Genetic testing by people at large could lead to a spike in life insurance claims and hit the profits of life insurers, according to a study by the Institute of Actuaries of Australia (IAA).
The study predicts that if 2-5% of the population underwent genetic testing, claims against insurance policies could rise by by 7-17%, triggering a 3-8% decline in profits if all the costs were absorbed by insurers, reported The Australian Financial Review.
"Whilst predictive genetic testing is not an immediate threat to life insurance, it is an area that is fast developing and if such testing were to become widely adopted it is likely to impact the industry," said the IAA's Jessica Chan, a co-author of the report.
Genetic testing would give those tested a picture of their health risks, which life insurers would not necessarily have access to, Ms Chen said.

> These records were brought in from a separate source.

(* Let $\mathbf{X}$ be a good sgrm and $\mathbf{W}$ an $N$-sgrm over $\mathbb{R}^d$ on $[0,T]$, and let $v=(v_1,\dots,v_d)$ with $v_i\in\mathcal{L}(\mathbb{R}^d)$. Then a path $Y:[0,T]\to\mathbb{R}^e$ solves $$dY=f(Y)\,d(T_v(\mathbf{X}))\qquad\text{resp.}\qquad dY=f(Y)\,d(\mathcal{T}_v[\mathbf{W}])$$ if and only if it solves $$dY=f^v(Y)\,d\mathbf{X}\qquad\text{resp.}\qquad dY=f^v(Y)\,d\mathbf{W}.$$
   Context: Fix $T>0$, $d,e\ge1$. $T((\mathbb{R}^d))$: formal tensor series over words in $\{1,\dots,d\}$ (incl. empty word, unit $\mathbf{1}$), concatenation $\otimes$, $\langle\mathbf{x},w\rangle$ coefficient of $w$; $T^N(\mathbb{R}^d)$: span of words of length $\le N$ with truncated product $\otimes_N$, projection $\mathrm{proj}_N$. Shuffle: bilinear, unit $\mathbf{1}$, $wi\sqcup\!\sqcup vj=(w\sqcup\!\sqcup vj)i+(wi\sqcup\!\sqcup v)j$. $\mathcal{L}(\mathbb{R}^d)$: Lie polynomials generated by the letters; $\mathcal{L}^N(\mathbb{R}^d)=\mathrm{proj}_N\mathcal{L}(\mathbb{R}^d)$. $N$-sgrm: non-zero $\mathbf{X}:[0,T]^2\to T^N(\mathbb{R}^d)$ with $\langle\mathbf{X}_{s,t},u\sqcup\!\sqcup w\rangle=\langle\mathbf{X}_{s,t},u\rangle\langle\mathbf{X}_{s,t},w\rangle$ ($|u|+|w|\le N$), $\mathbf{X}_{s,u}\otimes_N\mathbf{X}_{u,t}=\mathbf{X}_{s,t}$, smooth $t\mapsto\langle\mathbf{X}_{s,t},w\rangle$; sgrm: same in $T((\mathbb{R}^d))$ with $\otimes$ and all words. Diagonal derivative $\dot{\mathbf{X}}_{s,s}=\partial_t|_{t=s}\mathbf{X}_{s,t}$. $\mathrm{MinExt}(\mathbf{Y})$ of an $N$-sgrm $\mathbf{Y}$: the unique sgrm agreeing with $\mathbf{Y}$ on words of length $\le N$ with diagonal derivative in $\mathcal{L}^N(\mathbb{R}^d)$; good sgrm: $\mathrm{MinExt}(\mathbf{Y})$ for some $N$-sgrm $\mathbf{Y}$ (then its diagonal derivative lies in some $\mathcal{L}^K(\mathbb{R}^d)$ for all times). Translation: $T_v$ is the $\otimes$-algebra endomorphism of $T((\mathbb{R}^d))$ (continuous coordinatewise) with $e_i\mapsto e_i+v_i$; $T_v(\mathbf{X})_{s,t}:=T_v(\mathbf{X}_{s,t})$ (a good sgrm). With $N'$ the smallest integer such that $v_i\in\mathcal{L}^{N'}(\mathbb{R}^d)$ for all $i$ and $M=NN'$, $\mathcal{T}_v[\mathbf{W}]$ is the $M$-sgrm $\mathcal{T}_v[\mathbf{W}]_{s,t}:=\mathrm{proj}_MT_v(\mathrm{MinExt}(\mathbf{W})_{s,t})$. Vector fields: $f_1,\dots,f_d$ smooth on $\mathbb{R}^e$ with bounded derivatives; $g\vartriangleright h:=g^i(\partial_ih^j)\partial_j$; $f_{\mathbf{1}}=\mathrm{id}$, $f_{\ell_1\cdots\ell_n}:=f_{\ell_1}\vartriangleright(\cdots\vartriangleright(f_{\ell_{n-1}}\vartriangleright f_{\ell_n})\cdots)$, $f_{\mathbf{x}}:=\sum_w\langle\mathbf{x},w\rangle f_w$ for $\mathbf{x}\in T(\mathbb{R}^d)$. $f^v_i:=f_i+f_{v_i}$, and $f^v_w$ is built from $(f^v_1,\dots,f^v_d)$ by the same iterated $\vartriangleright$ formula. For $\mathbf{X}$ an $K$-sgrm or a good sgrm with $\dot{\mathbf{X}}_{s,s}\in\mathcal{L}^K(\mathbb{R}^d)$ for all $s$, and a family $g$ of this type, ''$Y$ solves $dY=g(Y)d\mathbf{X}$'' means $Y$ is smooth with $\dot Y_s=\sum_{|w|\le K}g_w(Y_s)\langle\dot{\mathbf{X}}_{s,s},w\rangle$ for all $s$. *)

From Stdlib Require Import Reals.
From Coquelicot Require Import Coquelicot.
From mathcomp Require Import all_boot.

Set Implicit Arguments.
Unset Strict Implicit.
Unset Printing Implicit Defensive.

Local Open Scope R_scope.

Definition Rsum {A : Type} (s : seq A) (F : A -> R) : R :=
  foldr (fun a acc => F a + acc) 0 s.

(* A word over {1..d} is a seq 'I_d; an element of T((R^d)) is its
   coefficient function <x, w>. *)
Definition tensor (d : nat) := seq 'I_d -> R.

Fixpoint words_len (d n : nat) : seq (seq 'I_d) :=
  match n with
  | 0 => [:: [::]]
  | n'.+1 => [seq i :: w | i <- enum 'I_d, w <- words_len d n']
  end.

Definition words_upto (d n : nat) : seq (seq 'I_d) :=
  flatten [seq words_len d k | k <- iota 0%N n.+1].

Definition tone {d} : tensor d := fun w => if w is [::] then 1 else 0.
Definition letter {d} (i : 'I_d) : tensor d :=
  fun w => if w == [:: i] then 1 else 0.
Definition tadd {d} (x y : tensor d) : tensor d := fun w => x w + y w.
Definition tscale {d} (c : R) (x : tensor d) : tensor d := fun w => c * x w.

Definition tmul {d} (x y : tensor d) : tensor d :=
  fun w => Rsum (iota 0%N (size w).+1) (fun k => x (take k w) * y (drop k w)).

Definition tbracket {d} (x y : tensor d) : tensor d :=
  fun w => tmul x y w - tmul y x w.

Definition tproj {d} (N : nat) (x : tensor d) : tensor d :=
  fun w => if (size w <= N)%N then x w else 0.

(* shuffle of reversed words with the left-recursion; after reversing back
   this is exactly the recursion wi sh vj = (w sh vj) i + (wi sh v) j,
   with unit the empty word.  The result is the multiset of words (as a list). *)
Fixpoint shl {I : Type} (u : seq I) : seq I -> seq (seq I) :=
  match u with
  | [::] => fun v => [:: v]
  | a :: u' =>
      fix g (v : seq I) : seq (seq I) :=
        match v with
        | [::] => [:: a :: u']
        | b :: v' => map (cons a) (shl u' v) ++ map (cons b) (g v')
        end
  end.

Definition shuffle {I : Type} (u v : seq I) : seq (seq I) :=
  map rev (shl (rev u) (rev v)).

Definition tpair_shuffle {d} (x : tensor d) (u v : seq 'I_d) : R :=
  Rsum (shuffle u v) x.

Inductive is_lie {d} : tensor d -> Prop :=
  | lie_letter (i : 'I_d) : is_lie (letter i)
  | lie_add (p q : tensor d) : is_lie p -> is_lie q -> is_lie (tadd p q)
  | lie_scale (c : R) (p : tensor d) : is_lie p -> is_lie (tscale c p)
  | lie_bracket (p q : tensor d) : is_lie p -> is_lie q -> is_lie (tbracket p q)
  | lie_ext (p q : tensor d) : (forall w, p w = q w) -> is_lie p -> is_lie q.

Definition in_LN {d} (N : nat) (x : tensor d) : Prop :=
  exists l, is_lie l /\ forall w, x w = tproj N l w.

Definition in0T (T t : R) : Prop := 0 <= t <= T.

Definition deriv_within (T : R) (g : R -> R) (s l : R) : Prop :=
  forall eps : R, 0 < eps -> exists delta : R, 0 < delta /\
    forall t, in0T T t -> t <> s -> Rabs (t - s) < delta ->
      Rabs ((g t - g s) / (t - s) - l) < eps.

Definition smooth_on (T : R) (g : R -> R) : Prop :=
  exists G : R -> R, (forall n x, ex_derive_n G n x) /\
    (forall t, in0T T t -> G t = g t).

Definition twopar (d : nat) := R -> R -> tensor d.

Definition is_Nsgrm {d} (T : R) (N : nat) (X : twopar d) : Prop :=
  (forall s t w, in0T T s -> in0T T t -> (N < size w)%N -> X s t w = 0) /\
  (exists s t w, in0T T s /\ in0T T t /\ X s t w <> 0) /\
  (forall s t (u w : seq 'I_d), in0T T s -> in0T T t ->
      (size u + size w <= N)%N ->
      tpair_shuffle (X s t) u w = X s t u * X s t w) /\
  (forall s u t w, in0T T s -> in0T T u -> in0T T t -> (size w <= N)%N ->
      tmul (X s u) (X u t) w = X s t w) /\
  (forall s w, in0T T s -> smooth_on T (fun t => X s t w)).

Definition is_sgrm {d} (T : R) (X : twopar d) : Prop :=
  (exists s t w, in0T T s /\ in0T T t /\ X s t w <> 0) /\
  (forall s t (u w : seq 'I_d), in0T T s -> in0T T t ->
      tpair_shuffle (X s t) u w = X s t u * X s t w) /\
  (forall s u t w, in0T T s -> in0T T u -> in0T T t ->
      tmul (X s u) (X u t) w = X s t w) /\
  (forall s w, in0T T s -> smooth_on T (fun t => X s t w)).

Definition is_diag_deriv {d} (T : R) (X : twopar d) (s : R) (D : tensor d) : Prop :=
  forall w, deriv_within T (fun t => X s t w) s (D w).

Definition is_MinExt {d} (T : R) (N : nat) (W X : twopar d) : Prop :=
  is_sgrm T X /\
  (forall s t w, in0T T s -> in0T T t -> (size w <= N)%N -> X s t w = W s t w) /\
  (forall s D, in0T T s -> is_diag_deriv T X s D -> in_LN N D).

Definition is_good_sgrm {d} (T : R) (X : twopar d) : Prop :=
  exists (N : nat) (W : twopar d), is_Nsgrm T N W /\ is_MinExt T N W X.

Definition tprod {d} (xs : seq (tensor d)) : tensor d := foldr tmul tone xs.

(* T_v(x): the (coordinatewise continuous) algebra endomorphism with
   e_i |-> e_i + v_i, i.e. sum_w <x,w> (e_{w1}+v_{w1}) (x) ... (x) (e_{wn}+v_{wn}).
   Since e_i + v_i has no constant term (v_i Lie), only words w with
   |w| <= |u| contribute to the coefficient of u. *)
Definition translate_t {d} (v : 'I_d -> tensor d) (x : tensor d) : tensor d :=
  fun u => Rsum (words_upto d (size u))
             (fun w => x w * tprod [seq tadd (letter i) (v i) | i <- w] u).

Definition translate {d} (v : 'I_d -> tensor d) (X : twopar d) : twopar d :=
  fun s t => translate_t v (X s t).

(* \mathcal{T}_v[W]_{s,t} = proj_M T_v(MinExt(W)_{s,t}); here Xm = MinExt(W) *)
Definition calT {d} (v : 'I_d -> tensor d) (M : nat) (Xm : twopar d) : twopar d :=
  fun s t => tproj M (translate_t v (Xm s t)).

Definition point (e : nat) := 'I_e -> R.
Definition VF (e : nat) := point e -> point e.

Definition shift {e} (y : point e) (i : 'I_e) (t : R) : point e :=
  fun k => if k == i then y k + t else y k.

Insurance claims are expected to rise as a result of genetic testing because self-selection by customers is likely to occur. Individuals who discover they have a low risk of succumbing to illnesses such as heart disease and cancer will be tempted to allow insurance policies to lapse. Individuals with higher risks of contracting debilitating diseases will be more motivated to purchase policies.
The difficulty for insurers is that most genetic testing is 'direct to consumer' and often not in Australia, so it is difficult for companies to determine whether policyholders are being truthful if they deny having had a test.
Currently, only about 0.5% of the population is thought to have had a genetic test to determine the likelihood they would contract a number of common diseases, but the proportion is expected to rise as the cost of the service falls.